> _Records supplied_:
(* For $0<r<1$ and $c>0$, the topological space $\mathbb{Z}((T))_{r,\le c}$ is compact.
   Context: $\mathbb{Z}((T))_{r,\le c}$ is the set of integer Laurent series $\sum_{n\gg-\infty}a_nT^n$ ($a_n\in\mathbb{Z}$, $a_n=0$ for $n$ sufficiently negative) with $\sum|a_n|r^n\le c$, with the $T$-adic topology given by the norm $\|f\|=\delta^{v_T(f)}$ for fixed $\delta\in(0,1)$, $v_T(f)$ being the smallest index of a nonzero coefficient. *)

From HB Require Import structures.
From mathcomp Require Import all_boot all_order all_algebra.
From mathcomp Require Import boolp classical_sets reals.
Set Implicit Arguments. Unset Strict Implicit. Unset Printing Implicit Defensive.
Import Order.TTheory GRing.Theory Num.Theory.
Local Open Scope ring_scope.
Local Open Scope classical_set_scope.

(* An integer Laurent series sum_n a_n T^n is represented by its coefficient
   function a : int -> int, required to vanish for n sufficiently negative. *)
Definition laurent (a : int -> int) : Prop :=
  exists N : int, forall n : int, n < N -> a n = 0.

Definition vT_is (h : int -> int) (v : int) : Prop :=
  h v != 0 /\ forall n : int, n < v -> h n = 0.

Definition Tnorm {R : realType} (delta : R) (h : int -> int) : R :=
  match pselect (exists v, vT_is h v) with
  | left P => delta ^ (projT1 (cid P))
  | right _ => 0
  end.

Definition Topen {R : realType} (delta : R) (U : set (int -> int)) : Prop :=
  forall f, laurent f -> U f ->
    exists2 e : R, 0 < e &
      forall g, laurent g -> Tnorm delta (fun n => f n - g n) < e -> U g.

Definition Tcompact {R : realType} (delta : R) (S : set (int -> int)) : Prop :=
  forall F : set (set (int -> int)),
    (forall U, F U -> Topen delta U) ->
    (forall f, S f -> exists2 U, F U & U f) ->
    exists (n : nat) (G : nat -> set (int -> int)),
      (forall i, (i < n)%N -> F (G i)) /\
      (forall f, S f -> exists2 i, (i < n)%N & G i f).

(* Z((T))_{r, <= c}: Laurent series with sum_n |a_n| r^n <= c.  The series has
   nonnegative terms, so its sum is <= c iff every finite partial sum over a
   window [N, N + K) of indices is <= c. *)
Definition ZTrc {R : realType} (r c : R) : set (int -> int) :=
  [set a | laurent a /\
     forall (N : int) (K : nat),
       \sum_(k < K) (`|a (N + k%:Z)|%:~R * r ^ (N + k%:Z)) <= c].

From HB Require Import structures.
From mathcomp Require Import all_boot all_order all_algebra.
From mathcomp Require Import boolp classical_sets reals.
From mathcomp Require Import lra zify.
Set Implicit Arguments. Unset Strict Implicit. Unset Printing Implicit Defensive.
Import Order.TTheory GRing.Theory Num.Theory.
Local Open Scope ring_scope.
Local Open Scope classical_set_scope.

(* Suppose an open cover of Z((T))_{r,<=c} has no finite subcover.  All its
   elements vanish below a common index (there c < r^n, while |a_n| r^n <= c),
   and the coefficient of index m is bounded by c r^-m; hence the cylinder of
   series with prescribed coefficients up to m splits into finitely many
   cylinders of the next level, one of which again has no finite subcover.
   Iterating yields a branch f, which lies in Z((T))_{r,<=c} because the
   defining inequalities involve finitely many coefficients at a time.  A
   member of the cover contains a T-adic ball around f, and that ball contains
   a whole cylinder of the branch: a contradiction. *)

Lemma bernoulli_ineq (R : realDomainType) (t : R) (n : nat) :
  0 <= t -> 1 + n%:R * t <= (1 + t) ^+ n.
Proof.
move=> t_ge0; elim: n => [|n IH]; first by rewrite mul0r addr0 expr0.
have n_ge0 : 0 <= n%:R :> R := ler0n R n.
rewrite exprSr -natr1; nra.
Qed.

Lemma exprn_unbounded (R : archiRealFieldType) (x e : R) :
  1 < x -> exists K : nat, e < x ^+ K.
Proof.
move=> x_gt1; set t := x - 1; have t_gt0 : 0 < t by rewrite subr_gt0.
have et_ge0 : 0 <= `|e| / t by rewrite divr_ge0 // ltW.
set K := Num.bound (`|e| / t); exists K.
have lt_eK : `|e| < K%:R * t by rewrite -ltr_pdivrMr // archi_boundP.
have := bernoulli_ineq K (ltW t_gt0); rewrite addrCA subrr addr0.
have := ler_norm e; lra.
Qed.

Lemma exprz_lt_eventually (R : archiRealFieldType) (q e : R) :
  0 < q -> q < 1 -> 0 < e -> exists m : int, forall n, m <= n -> q ^ n < e.
Proof.
move=> q_gt0 q_lt1 e_gt0.
have [K lt_eK] : exists K : nat, e^-1 < q^-1 ^+ K.
  by apply: exprn_unbounded; rewrite invf_gt1.
exists K%:Z => n le_Kn.
rewrite -ltf_pV2 ?posrE ?exprz_gt0 // invr_expz -exprz_inv.
apply: lt_le_trans lt_eK _; apply: ler_weXz2l le_Kn.
by rewrite invf_ge1 // ltW.
Qed.

Section FiniteCovers.
Variables (T : Type) (F : set (set T)).

Definition finitely_covered (A : set T) : Prop :=
  exists (n : nat) (G : nat -> set T),
    (forall i, (i < n)%N -> F (G i)) /\
    (forall x, A x -> exists2 i, (i < n)%N & G i x).

Lemma finitely_covered_sub A B :
  A `<=` B -> finitely_covered B -> finitely_covered A.
Proof. by move=> AB [n [G [FG BG]]]; exists n, G; split=> // x /AB /BG. Qed.

Lemma finitely_covered1 U A : F U -> A `<=` U -> finitely_covered A.
Proof. by move=> FU AU; exists 1%N, (fun=> U); split=> // x /AU; exists 0%N. Qed.

Lemma finitely_covered_setU A B :
  finitely_covered A -> finitely_covered B -> finitely_covered (A `|` B).
Proof.
move=> [n1 [G1 [FG1 AG1]]] [n2 [G2 [FG2 BG2]]].
exists (n1 + n2)%N, (fun i => if (i < n1)%N then G1 i else G2 (i - n1)%N).
split=> [i lt_i|x [/AG1 [i lt_i G1x]|/BG2 [i lt_i G2x]]].
- by case: ifP => [/FG1 //|ge_i]; apply: FG2; lia.
- by exists i; [lia | rewrite lt_i].
- by exists (i + n1)%N; [lia | rewrite ifF ?addnK //; lia].
Qed.

Lemma finitely_covered_bigcup (C : nat -> set T) n :
  (forall i, (i < n)%N -> finitely_covered (C i)) ->
  finitely_covered (\bigcup_(i in `I_n) C i).
Proof.
elim: n => [|n IH] C_cov; first by exists 0%N, (fun=> set0); split=> // x [].
apply: finitely_covered_sub
  (finitely_covered_setU (IH _) (C_cov n _)) => [x [i /= lt_in Cix]|i lt_in|//].
- have [lt_i|eq_in] : (i < n)%N \/ i = n by lia.
    by left; exists i.
  by right; rewrite -eq_in.
- by apply: C_cov; rewrite ltnS ltnW.
Qed.

Lemma not_finitely_covered_neq0 A : ~ finitely_covered A -> A !=set0.
Proof.
apply: contra_notP => /forallNP A0.
by exists 0%N, (fun=> set0); split=> // x /A0.
Qed.

End FiniteCovers.

Section Cylinders.
Variable A : Type.

Definition cylinder (h : int -> A) (m : int) : set (int -> A) :=
  [set g | forall n, n <= m -> g n = h n].

Lemma cylinder_le h m m' : m <= m' -> cylinder h m' `<=` cylinder h m.
Proof. by move=> le_mm' g gh n le_nm; apply: gh; apply: le_trans le_mm'. Qed.

Lemma cylinder_eq h h' m : cylinder h m h' -> cylinder h' m = cylinder h m.
Proof.
move=> h'h; apply/seteqP; split=> g gh n le_nm; rewrite gh //.
  exact: h'h.
by rewrite h'h.
Qed.

End Cylinders.

Section Branch.
Variables (A : Type) (P : (int -> A) -> int -> Prop).
Hypothesis P_cylinder : forall h h' m, cylinder h m h' -> P h m -> P h' m.
Hypothesis P_extend :
  forall h m, P h m -> exists2 h', cylinder h m h' & P h' (m + 1).

Section Prefixes.
Variables (ext : (int -> A) -> int -> int -> A) (h0 : int -> A) (m0 : int).
Hypothesis ext_cylinder : forall h m, cylinder h m (ext h m).

Fixpoint prefix (k : nat) : int -> A :=
  if k is k'.+1 then ext (prefix k') (m0 + k'%:Z) else h0.

Lemma prefix_cylinder k k' :
  (k <= k')%N -> cylinder (prefix k) (m0 + k%:Z) (prefix k').
Proof.
move=> /subnK <-; elim: (k' - k)%N => [//|j IH] n le_n.
by rewrite addSn /= ext_cylinder ?IH //; lia.
Qed.

Definition branch n := prefix `|n - m0|%N n.

Lemma branch_cylinder k : cylinder (prefix k) (m0 + k%:Z) branch.
Proof.
move=> n le_n; rewrite /branch.
have [le_k|/ltnW le_k] := leqP k `|n - m0|%N; first exact: prefix_cylinder.
by rewrite (prefix_cylinder le_k) //; lia.
Qed.

End Prefixes.

Lemma exists_branch h0 m0 : P h0 m0 -> exists f, forall m, m0 <= m -> P f m.
Proof.
move=> P0.
(* Keeping h when ~ P h m makes the extension function total. *)
have /choice [e e_spec] : forall hm : (int -> A) * int, exists h',
    cylinder hm.1 hm.2 h' /\ (P hm.1 hm.2 -> P h' (hm.2 + 1)).
  move=> [h m]; have [/P_extend [h' ? ?]|nPh] := pselect (P h m).
    by exists h'.
  by exists h; split=> [n|/nPh].
pose ext h m := e (h, m).
have ext_cylinder h m : cylinder h m (ext h m) := (e_spec (h, m)).1.
have P_prefix k : P (prefix ext h0 m0 k) (m0 + k%:Z).
  elim: k => [|k IH]; first by rewrite addr0.
  have -> : m0 + k.+1%:Z = m0 + k%:Z + 1 by lia.
  exact: (e_spec (_, _)).2 IH.
exists (branch ext h0 m0) => m le_m0m.
have -> : m = m0 + `|m - m0|%N by lia.
exact: P_cylinder (branch_cylinder h0 ext_cylinder (k := `|m - m0|%N)) (P_prefix _).
Qed.

End Branch.

Section ZTrc.
Variables (R : realType) (r c : R).
Local Notation S := (ZTrc r c).

Lemma ZTrc_closed f : (forall m, (S `&` cylinder f m) !=set0) -> S f.
Proof.
move=> S_near; split.
  have [g [[[N gN] _] gf]] := S_near 0.
  exists (N - (`|N|%N)%:Z) => n lt_n; rewrite -gf ?gN //; lia.
move=> N K; have [g [[_ Sg] gf]] := S_near (N + K%:Z).
rewrite (eq_bigr (fun k : 'I_K => `|g (N + k%:Z)|%:~R * r ^ (N + k%:Z))).
  exact: Sg.
by move=> k _; rewrite gf //; have := ltn_ord k; lia.
Qed.

Hypothesis r_gt0 : 0 < r.

Lemma ZTrc_coef_le f n : S f -> `|f n|%:~R <= c / r ^ n.
Proof.
move=> [_ Sf]; rewrite ler_pdivlMr ?exprz_gt0 //.
by have := Sf n 1%N; rewrite big_ord1 addr0.
Qed.

Lemma ZTrc_coef_bounded n : exists B : nat, forall f, S f -> `|f n| <= B%:Z.
Proof.
exists (Num.bound `|c / r ^ n|) => f /(ZTrc_coef_le n) le_fn.
have := le_lt_trans (le_trans le_fn (ler_norm _)) (archi_boundP (normr_ge0 _)).
by rewrite -natr_absz ltr_nat => /ltnW; rewrite -lez_nat abszE.
Qed.

Lemma ZTrc_coef_eq0 f n : c < r ^ n -> S f -> f n = 0.
Proof.
move=> lt_cr /(ZTrc_coef_le n) le_fn.
have : `|f n|%:~R < 1 :> R.
  by apply: le_lt_trans le_fn _; rewrite ltr_pdivrMr ?exprz_gt0 // mul1r.
by rewrite ltrz1; lia.
Qed.

Lemma ZTrc_sub_cylinder0 : r < 1 -> 0 < c ->
  exists m0 : int, S `<=` cylinder (fun=> 0) m0.
Proof.
move=> r_lt1 c_gt0.
have [m lt_rc] : exists m : int, forall n, m <= n -> r ^ n < c^-1.
  by apply: exprz_lt_eventually; rewrite ?invr_gt0.
exists (- m) => f Sf n le_nm; apply: ZTrc_coef_eq0 Sf.
rewrite -[n]opprK -invr_expz -[c]invrK ltf_pV2 ?posrE ?invr_gt0 ?exprz_gt0 //.
by apply: lt_rc; rewrite lerNr.
Qed.

End ZTrc.

Lemma Tnorm_le (R : realType) (delta : R) (h : int -> int) (m : int) :
  0 < delta -> delta <= 1 -> (forall n, n <= m -> h n = 0) ->
  Tnorm delta h <= delta ^ (m + 1).
Proof.
move=> d_gt0 d_le1 h0; rewrite /Tnorm; case: pselect => [vP|_].
  case: (cid vP) => v [hv_neq0 _] /=.
  have le_mv : m + 1 <= v.
    by rewrite lezD1 ltNge; apply: contraNN hv_neq0 => /h0 ->.
  rewrite -[delta]invrK !(exprz_inv delta^-1).
  by apply: ler_weXz2l; rewrite ?lerN2 ?invf_ge1.
exact: exprz_ge0 (ltW d_gt0).
Qed.

Lemma not_finitely_covered_extend (F : set (set (int -> int)))
    (S : set (int -> int)) (h : int -> int) (m : int) (B : nat) :
  (forall f, S f -> `|f (m + 1)| <= B%:Z) ->
  ~ finitely_covered F (S `&` cylinder h m) ->
  exists2 h', cylinder h m h' & ~ finitely_covered F (S `&` cylinder h' (m + 1)).
Proof.
move=> S_bnd ncov; apply: contrapT => all_cov; apply: ncov.
pose ext (x : int) := [eta h with m + 1 |-> x].
have ext_cov x : finitely_covered F (S `&` cylinder (ext x) (m + 1)).
  apply: contrapT => ncov; apply: all_cov; exists (ext x) => // n le_nm /=.
  by rewrite ifF //; apply/eqP; lia.
(* The coefficient x in [-B, B] is indexed by i = x + B < 2B + 1. *)
apply: finitely_covered_sub
  (finitely_covered_bigcup (n := (B + B).+1)
     (fun i _ => ext_cov (i%:Z - B%:Z))) => f [Sf fh].
have le_fB := S_bnd f Sf.
exists (absz (f (m + 1) + B%:Z)); first by rewrite /=; lia.
split=> // n le_n /=; case: eqP => [->|ne_n]; first lia.
by apply: fh; lia.
Qed.

Theorem mainTheorem12 (R : realType) (r c delta : R) :
  0 < r -> r < 1 -> 0 < c -> 0 < delta -> delta < 1 ->
  Tcompact delta (ZTrc r c).
Proof.
move=> r_gt0 r_lt1 c_gt0 d_gt0 d_lt1 F F_open F_cover.
apply: contrapT => ncov.
have [m0 S_m0] := ZTrc_sub_cylinder0 r_gt0 r_lt1 c_gt0.
pose P h m := ~ finitely_covered F (ZTrc r c `&` cylinder h m).
have le_m0_max k : m0 <= Num.max m0 k by lia.
have [f Pf] : exists f, forall m, m0 <= m -> P f m.
  apply: (@exists_branch _ P _ _ (fun=> 0)).
  - by move=> h h' m /cylinder_eq; rewrite /P => ->.
  - move=> h m; have [B S_bnd] := ZTrc_coef_bounded c r_gt0 (m + 1).
    exact: not_finitely_covered_extend S_bnd.
  - by rewrite /P setIidl.
have Sf : ZTrc r c f.
  apply: ZTrc_closed => m.
  have /not_finitely_covered_neq0 [g [Sg gf]] := Pf _ (le_m0_max m).
  by exists g; split=> //; apply: cylinder_le gf; lia.
have [U FU Uf] := F_cover f Sf.
have [e e_gt0 ball_e] := F_open U FU f Sf.1 Uf.
have [m dm] := exprz_lt_eventually d_gt0 d_lt1 e_gt0.
apply: (Pf _ (le_m0_max m)).
apply: finitely_covered1 FU _ => g [Sg gf]; apply: ball_e Sg.1 _.
apply: le_lt_trans (Tnorm_le _ (ltW d_lt1) _) (dm _ _) => //.
  by move=> n /gf ->; rewrite subrr.
lia.
Qed.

> _Task brief_:
In the data, find how many lines hold the string "Topen", and answer with the number only.

> _Output for this exercise_:
2